As most of you know, the budgeting process is a lengthy process. It takes typically months to complete, and so then what I thought I would do is walk through the typical budgeting process that you have before installing a Web based budgeting and reporting application. In the typical scenario we have an accountant who creates a variety of spreadsheet templates which everybody uses on their own.
How Financial Managers Can Improve Their Budget Reporting Process
Financial managers create those Excel files for the different department heads, different business types, and all the budget holders. They create templates that do not always look alike, but they are creating them and populating them with the previous year information and specific planning assumptions.
Once they have compiled all the templates, then the next task is to specifically distribute those templates to all the budget holders, the people who are going to actually fill those in.

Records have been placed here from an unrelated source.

Lemma rowsub1_unitarymx n m (h : 'I_m -> 'I_n) :
  injective h -> rowsub h (1%:M : 'M[C]_n) \is unitarymx.
Proof.
move=> hi; apply/unitarymxP; have := mxsub_rowsub1 h 1%:M; rewrite mulmx1 => <-.
by apply/matrixP => i j; rewrite !mxE (inj_eq hi).
Qed.

Lemma rowsub_unitarymx n m (h : 'I_m -> 'I_n) (P : 'M[C]_n) :
  injective h -> P \is unitarymx -> rowsub h P \is unitarymx.
Proof. by move=> hi Pu; rewrite rowsubE mul_unitarymx ?rowsub1_unitarymx. Qed.

Lemma unitarymx_row_free m n (M : 'M[C]_(m, n)) : M \is unitarymx -> row_free M.
Proof. by move/mxrank_unitary; rewrite /row_free => ->. Qed.

Lemma hform_diag_lt0 n (d u : 'rV[C]_n) :
  (forall l, d 0 l < 0) -> u != 0 -> hform (diag_mx d) u < 0.
Proof.
move=> d_lt0 /rV0Pn [l ul]; rewrite hform_diag (bigD1 l) //=.
apply: (@le_lt_trans _ _ (u 0 l * (u 0 l)^* * d 0 l)).
  rewrite gerDl; apply: sumr_le0 => i _.
  by apply: mulr_ge0_le0; [exact: mul_conjC_ge0 | exact: ltW].
by rewrite pmulr_rlt0 ?mul_conjC_gt0.
Qed.

Lemma hform_diag_ge0 n (d u : 'rV[C]_n) :
  (forall l, 0 <= d 0 l) -> 0 <= hform (diag_mx d) u.
Proof.
move=> d_ge0; rewrite hform_diag; apply: sumr_ge0 => l _.
by apply: mulr_ge0; [exact: mul_conjC_ge0 | exact: d_ge0].
Qed.

Lemma spectral_hermsym n (A : 'M[C]_n) : A \is hermsymmx ->
  A = (spectralmx A) ^t* *m diag_mx (spectral_diag A) *m spectralmx A.
Proof.
move=> /hermitian_normalmx /orthomx_spectralP {1}->.
by rewrite invmx_unitary // spectral_unitarymx.
Qed.

Lemma hform_spectral_rowsub n m (A : 'M[C]_n) (h : 'I_m -> 'I_n) u :
  A \is hermsymmx -> injective h ->
  hform A (u *m rowsub h (spectralmx A)) =
  hform (diag_mx (colsub h (spectral_diag A))) u.
Proof.
move=> hA hi; have Pu := spectral_unitarymx A.
rewrite {1}(spectral_hermsym hA) -hform_conj; congr hform.
rewrite rowsubE trmxC_mul !mulmxA !mulmxtVK //.
by rewrite -mxsub_rowsub1 mxsub_diag_mx.
Qed.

Sometimes in a simple scenario we have one template filled in by one person or multiple people within the department. In a more complex scenario we have be a hotel that has a casino so all of my casino activity goes to one budget holder. My hotel activity or revenue goes to another budget holder and may be my expenses go to a third person. But you can see how quickly it spiders out in the distribution process making sure that everybody has got their templates to begin entering data. It can be quite a task to manage this process.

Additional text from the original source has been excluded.